# SOURCE MATERIAL:
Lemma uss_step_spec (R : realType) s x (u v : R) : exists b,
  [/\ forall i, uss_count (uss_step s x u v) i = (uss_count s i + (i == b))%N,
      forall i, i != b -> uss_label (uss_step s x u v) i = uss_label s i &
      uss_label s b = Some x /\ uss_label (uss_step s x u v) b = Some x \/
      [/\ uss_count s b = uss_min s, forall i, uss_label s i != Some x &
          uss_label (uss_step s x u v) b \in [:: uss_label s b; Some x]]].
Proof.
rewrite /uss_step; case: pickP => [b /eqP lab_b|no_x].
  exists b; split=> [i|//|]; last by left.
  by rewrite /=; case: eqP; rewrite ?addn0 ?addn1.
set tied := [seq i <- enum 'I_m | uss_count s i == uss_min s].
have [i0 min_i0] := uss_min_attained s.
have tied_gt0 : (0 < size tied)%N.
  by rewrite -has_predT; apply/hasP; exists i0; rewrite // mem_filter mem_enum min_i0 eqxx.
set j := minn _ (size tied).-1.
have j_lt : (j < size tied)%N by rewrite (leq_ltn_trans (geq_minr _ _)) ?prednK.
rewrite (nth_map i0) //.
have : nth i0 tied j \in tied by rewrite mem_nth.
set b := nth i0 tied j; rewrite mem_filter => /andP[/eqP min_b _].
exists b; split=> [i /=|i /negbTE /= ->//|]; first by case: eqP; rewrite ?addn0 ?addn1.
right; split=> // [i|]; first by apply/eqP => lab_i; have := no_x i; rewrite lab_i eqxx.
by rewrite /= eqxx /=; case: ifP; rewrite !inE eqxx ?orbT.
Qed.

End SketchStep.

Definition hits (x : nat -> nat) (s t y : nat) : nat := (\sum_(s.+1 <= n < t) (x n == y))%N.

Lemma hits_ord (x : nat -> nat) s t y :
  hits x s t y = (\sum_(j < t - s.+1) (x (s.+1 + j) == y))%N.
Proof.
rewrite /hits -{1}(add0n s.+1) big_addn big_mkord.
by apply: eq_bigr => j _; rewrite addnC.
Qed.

# THE PROBLEM:
Your task is to reproduce the records in full, without any alteration.

# ANSWER:
Lemma uss_step_spec (R : realType) s x (u v : R) : exists b,
  [/\ forall i, uss_count (uss_step s x u v) i = (uss_count s i + (i == b))%N,
      forall i, i != b -> uss_label (uss_step s x u v) i = uss_label s i &
      uss_label s b = Some x /\ uss_label (uss_step s x u v) b = Some x \/
      [/\ uss_count s b = uss_min s, forall i, uss_label s i != Some x &
          uss_label (uss_step s x u v) b \in [:: uss_label s b; Some x]]].
Proof.
rewrite /uss_step; case: pickP => [b /eqP lab_b|no_x].
  exists b; split=> [i|//|]; last by left.
  by rewrite /=; case: eqP; rewrite ?addn0 ?addn1.
set tied := [seq i <- enum 'I_m | uss_count s i == uss_min s].
have [i0 min_i0] := uss_min_attained s.
have tied_gt0 : (0 < size tied)%N.
  by rewrite -has_predT; apply/hasP; exists i0; rewrite // mem_filter mem_enum min_i0 eqxx.
set j := minn _ (size tied).-1.
have j_lt : (j < size tied)%N by rewrite (leq_ltn_trans (geq_minr _ _)) ?prednK.
rewrite (nth_map i0) //.
have : nth i0 tied j \in tied by rewrite mem_nth.
set b := nth i0 tied j; rewrite mem_filter => /andP[/eqP min_b _].
exists b; split=> [i /=|i /negbTE /= ->//|]; first by case: eqP; rewrite ?addn0 ?addn1.
right; split=> // [i|]; first by apply/eqP => lab_i; have := no_x i; rewrite lab_i eqxx.
by rewrite /= eqxx /=; case: ifP; rewrite !inE eqxx ?orbT.
Qed.

End SketchStep.

Definition hits (x : nat -> nat) (s t y : nat) : nat := (\sum_(s.+1 <= n < t) (x n == y))%N.

Lemma hits_ord (x : nat -> nat) s t y :
  hits x s t y = (\sum_(j < t - s.+1) (x (s.+1 + j) == y))%N.
Proof.
rewrite /hits -{1}(add0n s.+1) big_addn big_mkord.
by apply: eq_bigr => j _; rewrite addnC.
Qed.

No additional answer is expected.